**PROBLEM TO SOLVE:**
From the records below, give the number of lines that include the word "succn". Add no other words.

**EXTRACTED MATERIAL:**
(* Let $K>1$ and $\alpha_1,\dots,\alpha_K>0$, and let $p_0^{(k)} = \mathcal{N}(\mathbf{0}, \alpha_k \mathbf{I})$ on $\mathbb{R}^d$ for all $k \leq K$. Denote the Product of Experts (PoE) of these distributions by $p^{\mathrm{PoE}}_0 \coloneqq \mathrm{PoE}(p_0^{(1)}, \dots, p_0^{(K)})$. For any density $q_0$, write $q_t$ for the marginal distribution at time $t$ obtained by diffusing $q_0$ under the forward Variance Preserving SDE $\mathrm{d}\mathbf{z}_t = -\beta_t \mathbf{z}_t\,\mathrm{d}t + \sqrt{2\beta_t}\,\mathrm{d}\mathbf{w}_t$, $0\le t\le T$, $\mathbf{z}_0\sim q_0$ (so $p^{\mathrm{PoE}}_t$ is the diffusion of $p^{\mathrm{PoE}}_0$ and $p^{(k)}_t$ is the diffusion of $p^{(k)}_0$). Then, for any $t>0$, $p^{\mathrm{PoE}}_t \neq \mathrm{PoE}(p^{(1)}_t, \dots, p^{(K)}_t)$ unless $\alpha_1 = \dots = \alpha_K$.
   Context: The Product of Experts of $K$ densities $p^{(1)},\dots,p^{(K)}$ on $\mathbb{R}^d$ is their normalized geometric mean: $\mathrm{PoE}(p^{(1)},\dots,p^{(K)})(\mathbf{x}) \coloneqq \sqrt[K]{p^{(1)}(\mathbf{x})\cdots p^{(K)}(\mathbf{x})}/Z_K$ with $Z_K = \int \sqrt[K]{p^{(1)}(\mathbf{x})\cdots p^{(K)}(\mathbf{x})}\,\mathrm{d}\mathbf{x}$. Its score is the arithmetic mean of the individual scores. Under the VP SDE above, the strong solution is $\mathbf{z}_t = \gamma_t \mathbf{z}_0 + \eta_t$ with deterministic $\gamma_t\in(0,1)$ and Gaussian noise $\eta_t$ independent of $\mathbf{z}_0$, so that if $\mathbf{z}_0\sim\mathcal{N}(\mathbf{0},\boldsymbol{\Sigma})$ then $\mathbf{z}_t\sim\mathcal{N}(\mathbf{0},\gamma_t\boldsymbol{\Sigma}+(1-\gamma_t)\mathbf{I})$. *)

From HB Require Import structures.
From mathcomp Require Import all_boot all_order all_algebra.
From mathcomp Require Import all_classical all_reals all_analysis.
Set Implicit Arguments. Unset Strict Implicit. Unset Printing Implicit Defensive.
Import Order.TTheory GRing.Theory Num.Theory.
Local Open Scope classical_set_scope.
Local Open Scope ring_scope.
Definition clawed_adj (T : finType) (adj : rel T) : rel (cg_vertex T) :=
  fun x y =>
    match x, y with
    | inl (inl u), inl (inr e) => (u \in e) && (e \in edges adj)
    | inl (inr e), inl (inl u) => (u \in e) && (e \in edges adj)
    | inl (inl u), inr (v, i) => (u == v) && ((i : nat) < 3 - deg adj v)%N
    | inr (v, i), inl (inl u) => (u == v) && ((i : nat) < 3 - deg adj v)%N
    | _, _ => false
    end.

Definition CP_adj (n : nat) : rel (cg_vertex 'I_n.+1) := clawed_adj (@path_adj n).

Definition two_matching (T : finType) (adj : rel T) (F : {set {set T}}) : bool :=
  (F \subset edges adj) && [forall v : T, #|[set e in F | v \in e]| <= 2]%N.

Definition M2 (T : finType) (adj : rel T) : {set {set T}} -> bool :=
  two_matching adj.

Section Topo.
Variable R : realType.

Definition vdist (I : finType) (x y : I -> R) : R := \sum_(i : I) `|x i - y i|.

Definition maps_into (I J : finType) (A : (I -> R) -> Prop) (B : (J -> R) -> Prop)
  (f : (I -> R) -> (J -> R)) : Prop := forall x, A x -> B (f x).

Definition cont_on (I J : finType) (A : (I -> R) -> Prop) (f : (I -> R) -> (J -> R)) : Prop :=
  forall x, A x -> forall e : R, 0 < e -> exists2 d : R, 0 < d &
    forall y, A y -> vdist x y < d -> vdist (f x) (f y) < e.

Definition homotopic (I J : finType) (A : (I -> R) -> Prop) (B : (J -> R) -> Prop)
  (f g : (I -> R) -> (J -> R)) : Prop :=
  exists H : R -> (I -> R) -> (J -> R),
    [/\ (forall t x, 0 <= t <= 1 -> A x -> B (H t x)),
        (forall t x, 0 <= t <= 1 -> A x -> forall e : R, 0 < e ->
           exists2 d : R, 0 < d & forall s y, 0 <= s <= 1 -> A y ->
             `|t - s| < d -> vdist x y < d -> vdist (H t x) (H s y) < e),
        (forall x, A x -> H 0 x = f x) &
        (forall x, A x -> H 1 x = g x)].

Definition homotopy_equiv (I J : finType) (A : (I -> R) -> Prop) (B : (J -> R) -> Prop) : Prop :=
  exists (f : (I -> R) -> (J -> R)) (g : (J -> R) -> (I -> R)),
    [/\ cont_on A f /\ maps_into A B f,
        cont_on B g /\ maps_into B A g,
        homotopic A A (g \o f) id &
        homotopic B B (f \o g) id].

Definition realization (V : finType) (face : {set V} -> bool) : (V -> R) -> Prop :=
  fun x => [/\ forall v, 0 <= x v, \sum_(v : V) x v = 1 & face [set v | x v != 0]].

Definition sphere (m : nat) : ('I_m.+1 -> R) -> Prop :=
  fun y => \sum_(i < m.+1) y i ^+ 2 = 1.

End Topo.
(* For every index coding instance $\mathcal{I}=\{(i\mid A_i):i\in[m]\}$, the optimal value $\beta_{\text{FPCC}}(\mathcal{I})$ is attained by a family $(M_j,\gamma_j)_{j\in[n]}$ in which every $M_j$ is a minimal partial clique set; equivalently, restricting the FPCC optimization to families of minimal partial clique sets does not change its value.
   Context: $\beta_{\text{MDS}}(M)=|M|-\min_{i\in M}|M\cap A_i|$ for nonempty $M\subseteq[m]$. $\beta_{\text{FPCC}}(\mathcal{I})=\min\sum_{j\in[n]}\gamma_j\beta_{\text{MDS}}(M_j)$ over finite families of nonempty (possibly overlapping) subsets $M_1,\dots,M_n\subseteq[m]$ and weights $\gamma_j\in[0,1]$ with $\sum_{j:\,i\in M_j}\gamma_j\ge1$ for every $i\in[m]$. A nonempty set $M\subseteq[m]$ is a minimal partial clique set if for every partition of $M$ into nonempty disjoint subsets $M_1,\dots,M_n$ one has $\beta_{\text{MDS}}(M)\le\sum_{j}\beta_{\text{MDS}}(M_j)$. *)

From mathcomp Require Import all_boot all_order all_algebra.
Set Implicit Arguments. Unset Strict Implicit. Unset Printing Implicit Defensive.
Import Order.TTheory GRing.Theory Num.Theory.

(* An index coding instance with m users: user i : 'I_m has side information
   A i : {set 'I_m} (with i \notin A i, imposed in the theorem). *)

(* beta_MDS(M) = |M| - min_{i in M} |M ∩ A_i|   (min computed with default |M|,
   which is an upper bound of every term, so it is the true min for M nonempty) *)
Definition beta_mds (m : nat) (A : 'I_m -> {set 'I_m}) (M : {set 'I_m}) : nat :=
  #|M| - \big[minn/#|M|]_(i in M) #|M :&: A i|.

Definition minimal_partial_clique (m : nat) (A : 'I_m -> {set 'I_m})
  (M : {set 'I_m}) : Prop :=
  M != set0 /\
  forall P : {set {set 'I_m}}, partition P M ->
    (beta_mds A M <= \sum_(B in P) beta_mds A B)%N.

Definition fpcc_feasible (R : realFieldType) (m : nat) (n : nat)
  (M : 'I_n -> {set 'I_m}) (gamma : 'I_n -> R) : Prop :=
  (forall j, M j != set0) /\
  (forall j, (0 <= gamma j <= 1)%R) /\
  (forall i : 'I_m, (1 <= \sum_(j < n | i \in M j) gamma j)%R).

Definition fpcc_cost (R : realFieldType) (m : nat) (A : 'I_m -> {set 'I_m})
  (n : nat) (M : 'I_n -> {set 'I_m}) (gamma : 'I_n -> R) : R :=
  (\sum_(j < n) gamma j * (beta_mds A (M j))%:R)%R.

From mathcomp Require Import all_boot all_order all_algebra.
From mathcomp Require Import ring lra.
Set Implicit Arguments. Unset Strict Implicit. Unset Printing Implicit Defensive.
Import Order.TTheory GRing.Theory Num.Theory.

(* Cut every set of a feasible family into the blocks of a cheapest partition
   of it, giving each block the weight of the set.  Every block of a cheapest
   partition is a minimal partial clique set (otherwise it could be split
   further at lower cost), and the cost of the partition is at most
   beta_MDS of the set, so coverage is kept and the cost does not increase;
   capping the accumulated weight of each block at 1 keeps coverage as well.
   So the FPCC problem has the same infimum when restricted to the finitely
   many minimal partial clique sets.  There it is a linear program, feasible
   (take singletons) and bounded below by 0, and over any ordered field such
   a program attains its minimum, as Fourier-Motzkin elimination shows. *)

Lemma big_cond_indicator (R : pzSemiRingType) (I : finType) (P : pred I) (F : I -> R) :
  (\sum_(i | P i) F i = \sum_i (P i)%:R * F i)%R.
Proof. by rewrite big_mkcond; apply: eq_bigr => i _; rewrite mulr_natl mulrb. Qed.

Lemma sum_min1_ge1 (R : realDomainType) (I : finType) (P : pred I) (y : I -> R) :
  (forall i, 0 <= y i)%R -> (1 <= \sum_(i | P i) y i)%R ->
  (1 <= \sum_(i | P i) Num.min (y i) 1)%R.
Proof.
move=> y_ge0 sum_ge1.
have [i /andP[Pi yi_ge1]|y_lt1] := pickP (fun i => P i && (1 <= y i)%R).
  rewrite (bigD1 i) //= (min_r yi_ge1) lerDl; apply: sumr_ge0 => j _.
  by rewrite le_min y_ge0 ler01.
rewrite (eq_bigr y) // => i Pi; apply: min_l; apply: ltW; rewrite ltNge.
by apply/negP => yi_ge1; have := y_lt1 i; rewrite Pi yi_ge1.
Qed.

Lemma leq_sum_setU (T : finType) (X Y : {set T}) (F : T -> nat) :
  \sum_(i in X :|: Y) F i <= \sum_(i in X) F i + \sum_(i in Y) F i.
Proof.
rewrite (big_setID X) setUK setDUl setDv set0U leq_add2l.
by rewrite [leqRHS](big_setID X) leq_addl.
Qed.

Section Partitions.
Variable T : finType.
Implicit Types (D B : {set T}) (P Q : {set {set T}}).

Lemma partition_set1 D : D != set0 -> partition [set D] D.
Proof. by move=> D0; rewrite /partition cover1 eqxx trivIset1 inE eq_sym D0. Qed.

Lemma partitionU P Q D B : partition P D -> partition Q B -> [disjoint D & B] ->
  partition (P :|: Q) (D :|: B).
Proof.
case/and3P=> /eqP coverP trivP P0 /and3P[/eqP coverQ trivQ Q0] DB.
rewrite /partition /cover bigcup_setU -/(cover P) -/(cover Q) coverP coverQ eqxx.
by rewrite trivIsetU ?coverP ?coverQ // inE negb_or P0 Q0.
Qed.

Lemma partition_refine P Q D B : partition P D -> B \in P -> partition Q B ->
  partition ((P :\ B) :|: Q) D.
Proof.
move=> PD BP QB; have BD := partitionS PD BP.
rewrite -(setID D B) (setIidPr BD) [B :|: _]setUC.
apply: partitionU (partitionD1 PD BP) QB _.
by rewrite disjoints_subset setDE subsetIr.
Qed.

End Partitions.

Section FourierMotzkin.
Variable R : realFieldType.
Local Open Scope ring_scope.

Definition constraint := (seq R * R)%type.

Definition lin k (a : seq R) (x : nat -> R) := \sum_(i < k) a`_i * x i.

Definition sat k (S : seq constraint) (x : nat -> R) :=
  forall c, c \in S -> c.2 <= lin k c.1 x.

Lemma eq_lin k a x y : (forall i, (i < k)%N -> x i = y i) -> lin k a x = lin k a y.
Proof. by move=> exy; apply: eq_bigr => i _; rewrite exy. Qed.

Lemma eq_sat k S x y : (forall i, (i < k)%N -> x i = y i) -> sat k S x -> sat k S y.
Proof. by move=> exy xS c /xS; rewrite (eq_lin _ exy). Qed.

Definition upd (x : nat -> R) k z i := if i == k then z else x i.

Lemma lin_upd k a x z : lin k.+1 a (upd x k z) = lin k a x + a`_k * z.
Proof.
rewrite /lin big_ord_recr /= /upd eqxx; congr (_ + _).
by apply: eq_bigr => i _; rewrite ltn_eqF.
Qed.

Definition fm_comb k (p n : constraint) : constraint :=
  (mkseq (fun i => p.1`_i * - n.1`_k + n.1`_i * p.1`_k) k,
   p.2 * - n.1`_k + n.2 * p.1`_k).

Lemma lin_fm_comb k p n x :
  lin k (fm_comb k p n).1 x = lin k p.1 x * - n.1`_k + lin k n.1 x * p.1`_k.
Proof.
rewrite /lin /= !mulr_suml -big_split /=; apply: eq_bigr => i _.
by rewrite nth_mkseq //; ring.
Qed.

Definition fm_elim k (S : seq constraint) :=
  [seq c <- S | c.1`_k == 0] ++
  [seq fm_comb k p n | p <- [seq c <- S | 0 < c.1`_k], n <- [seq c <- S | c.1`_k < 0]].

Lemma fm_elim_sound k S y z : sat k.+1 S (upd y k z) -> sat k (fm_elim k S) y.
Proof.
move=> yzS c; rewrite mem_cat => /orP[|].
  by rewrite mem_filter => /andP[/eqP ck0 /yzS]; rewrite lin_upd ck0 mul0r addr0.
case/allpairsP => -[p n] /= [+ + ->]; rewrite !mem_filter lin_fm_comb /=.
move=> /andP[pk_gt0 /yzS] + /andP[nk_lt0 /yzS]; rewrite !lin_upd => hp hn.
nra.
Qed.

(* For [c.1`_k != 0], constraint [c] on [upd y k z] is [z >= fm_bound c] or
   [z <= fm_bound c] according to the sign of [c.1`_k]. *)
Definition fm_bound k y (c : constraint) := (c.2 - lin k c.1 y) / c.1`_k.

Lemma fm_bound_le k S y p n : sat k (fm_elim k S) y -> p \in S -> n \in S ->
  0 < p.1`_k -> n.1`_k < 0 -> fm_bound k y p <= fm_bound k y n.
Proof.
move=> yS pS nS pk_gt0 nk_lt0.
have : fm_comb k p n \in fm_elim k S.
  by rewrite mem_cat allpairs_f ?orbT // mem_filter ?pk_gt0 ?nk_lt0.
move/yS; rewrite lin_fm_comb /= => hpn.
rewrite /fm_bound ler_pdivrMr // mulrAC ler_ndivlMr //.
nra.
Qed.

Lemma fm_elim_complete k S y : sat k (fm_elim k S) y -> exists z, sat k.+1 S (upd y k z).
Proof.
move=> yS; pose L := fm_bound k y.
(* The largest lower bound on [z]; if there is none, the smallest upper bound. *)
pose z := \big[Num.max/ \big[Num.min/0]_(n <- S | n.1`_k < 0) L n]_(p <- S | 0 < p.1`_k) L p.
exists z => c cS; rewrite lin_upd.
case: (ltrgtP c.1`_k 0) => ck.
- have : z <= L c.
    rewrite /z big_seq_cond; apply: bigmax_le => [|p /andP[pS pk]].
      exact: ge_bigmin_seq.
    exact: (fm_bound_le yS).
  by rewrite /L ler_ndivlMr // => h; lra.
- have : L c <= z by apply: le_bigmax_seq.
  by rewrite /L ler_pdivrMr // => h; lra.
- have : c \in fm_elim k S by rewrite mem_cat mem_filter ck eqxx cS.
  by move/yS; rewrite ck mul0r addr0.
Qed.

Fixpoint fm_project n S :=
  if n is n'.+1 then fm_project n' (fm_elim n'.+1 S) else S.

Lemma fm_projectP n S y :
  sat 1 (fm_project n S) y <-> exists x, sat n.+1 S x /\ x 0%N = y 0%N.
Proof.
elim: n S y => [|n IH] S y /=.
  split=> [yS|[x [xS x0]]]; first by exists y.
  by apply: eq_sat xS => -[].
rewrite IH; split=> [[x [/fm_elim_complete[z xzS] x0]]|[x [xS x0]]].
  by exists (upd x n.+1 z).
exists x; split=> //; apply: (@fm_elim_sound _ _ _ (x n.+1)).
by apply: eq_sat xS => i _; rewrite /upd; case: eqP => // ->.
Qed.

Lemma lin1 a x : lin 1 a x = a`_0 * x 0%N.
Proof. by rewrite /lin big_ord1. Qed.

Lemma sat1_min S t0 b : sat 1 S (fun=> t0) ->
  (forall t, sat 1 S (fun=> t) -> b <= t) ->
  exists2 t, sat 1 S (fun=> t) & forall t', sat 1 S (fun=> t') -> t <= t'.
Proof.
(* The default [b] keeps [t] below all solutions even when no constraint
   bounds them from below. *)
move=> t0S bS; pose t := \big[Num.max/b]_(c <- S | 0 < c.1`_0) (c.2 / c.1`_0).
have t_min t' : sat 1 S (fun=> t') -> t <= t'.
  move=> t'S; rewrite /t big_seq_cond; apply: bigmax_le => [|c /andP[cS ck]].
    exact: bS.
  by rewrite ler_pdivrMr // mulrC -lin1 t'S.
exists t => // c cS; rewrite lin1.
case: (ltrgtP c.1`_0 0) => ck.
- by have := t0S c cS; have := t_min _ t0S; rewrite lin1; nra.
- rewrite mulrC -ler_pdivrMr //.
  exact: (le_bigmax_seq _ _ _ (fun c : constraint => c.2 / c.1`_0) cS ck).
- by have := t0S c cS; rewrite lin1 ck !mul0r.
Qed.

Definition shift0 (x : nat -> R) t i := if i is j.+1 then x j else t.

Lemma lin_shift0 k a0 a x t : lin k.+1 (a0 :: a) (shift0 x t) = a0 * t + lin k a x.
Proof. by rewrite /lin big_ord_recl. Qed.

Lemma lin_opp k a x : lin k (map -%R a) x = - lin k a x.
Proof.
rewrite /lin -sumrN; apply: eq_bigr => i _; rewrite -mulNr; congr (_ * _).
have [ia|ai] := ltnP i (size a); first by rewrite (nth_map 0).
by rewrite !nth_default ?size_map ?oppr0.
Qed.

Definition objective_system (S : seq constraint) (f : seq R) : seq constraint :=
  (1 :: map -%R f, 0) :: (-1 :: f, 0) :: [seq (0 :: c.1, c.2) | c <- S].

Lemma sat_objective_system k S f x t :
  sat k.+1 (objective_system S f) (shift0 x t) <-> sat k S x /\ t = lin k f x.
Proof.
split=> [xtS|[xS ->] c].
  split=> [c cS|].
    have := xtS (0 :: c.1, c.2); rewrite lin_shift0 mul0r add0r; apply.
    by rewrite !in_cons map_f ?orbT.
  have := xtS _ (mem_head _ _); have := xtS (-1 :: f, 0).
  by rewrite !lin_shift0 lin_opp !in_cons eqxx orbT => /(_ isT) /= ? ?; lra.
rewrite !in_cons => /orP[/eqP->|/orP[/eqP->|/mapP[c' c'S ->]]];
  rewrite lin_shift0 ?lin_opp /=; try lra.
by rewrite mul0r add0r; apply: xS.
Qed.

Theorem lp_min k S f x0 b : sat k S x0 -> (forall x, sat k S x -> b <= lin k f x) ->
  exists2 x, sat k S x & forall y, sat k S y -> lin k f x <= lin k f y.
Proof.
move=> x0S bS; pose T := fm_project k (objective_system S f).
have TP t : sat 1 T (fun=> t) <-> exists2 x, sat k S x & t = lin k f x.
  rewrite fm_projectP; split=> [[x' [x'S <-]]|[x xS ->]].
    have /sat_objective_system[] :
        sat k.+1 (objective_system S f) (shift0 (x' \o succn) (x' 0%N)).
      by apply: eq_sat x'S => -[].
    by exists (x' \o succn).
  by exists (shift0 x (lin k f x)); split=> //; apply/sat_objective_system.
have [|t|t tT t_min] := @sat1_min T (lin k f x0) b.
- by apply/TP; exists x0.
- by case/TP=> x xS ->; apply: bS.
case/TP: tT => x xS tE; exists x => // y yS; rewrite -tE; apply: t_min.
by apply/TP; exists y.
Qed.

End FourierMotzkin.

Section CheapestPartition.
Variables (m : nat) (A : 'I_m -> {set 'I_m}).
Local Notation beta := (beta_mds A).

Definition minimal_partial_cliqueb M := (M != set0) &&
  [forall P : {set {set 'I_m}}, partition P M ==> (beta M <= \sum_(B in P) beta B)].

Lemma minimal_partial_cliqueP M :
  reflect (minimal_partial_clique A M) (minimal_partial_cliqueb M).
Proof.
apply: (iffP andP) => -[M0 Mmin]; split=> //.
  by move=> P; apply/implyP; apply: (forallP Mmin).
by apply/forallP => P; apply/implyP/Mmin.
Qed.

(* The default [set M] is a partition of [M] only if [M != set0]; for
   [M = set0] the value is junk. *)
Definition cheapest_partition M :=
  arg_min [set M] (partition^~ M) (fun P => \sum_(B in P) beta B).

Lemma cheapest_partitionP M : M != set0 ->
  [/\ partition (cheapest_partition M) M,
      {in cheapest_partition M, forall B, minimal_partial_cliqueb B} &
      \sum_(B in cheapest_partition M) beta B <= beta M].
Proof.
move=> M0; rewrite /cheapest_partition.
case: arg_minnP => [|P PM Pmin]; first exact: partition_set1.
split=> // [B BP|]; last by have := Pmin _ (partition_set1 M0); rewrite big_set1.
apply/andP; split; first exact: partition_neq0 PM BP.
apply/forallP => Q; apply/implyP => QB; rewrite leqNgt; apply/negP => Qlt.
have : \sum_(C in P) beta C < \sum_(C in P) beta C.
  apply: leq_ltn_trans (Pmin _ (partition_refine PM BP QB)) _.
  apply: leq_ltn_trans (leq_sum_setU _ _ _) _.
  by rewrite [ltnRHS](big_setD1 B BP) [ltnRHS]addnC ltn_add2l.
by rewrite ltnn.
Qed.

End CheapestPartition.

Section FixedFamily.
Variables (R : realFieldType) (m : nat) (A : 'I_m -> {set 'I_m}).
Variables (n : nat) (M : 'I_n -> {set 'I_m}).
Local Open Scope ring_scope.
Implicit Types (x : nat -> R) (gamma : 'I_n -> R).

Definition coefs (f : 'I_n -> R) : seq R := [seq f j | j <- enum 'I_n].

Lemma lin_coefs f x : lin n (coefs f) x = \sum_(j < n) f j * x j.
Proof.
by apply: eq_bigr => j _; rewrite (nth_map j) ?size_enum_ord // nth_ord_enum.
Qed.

**TASK OUTPUT:**
2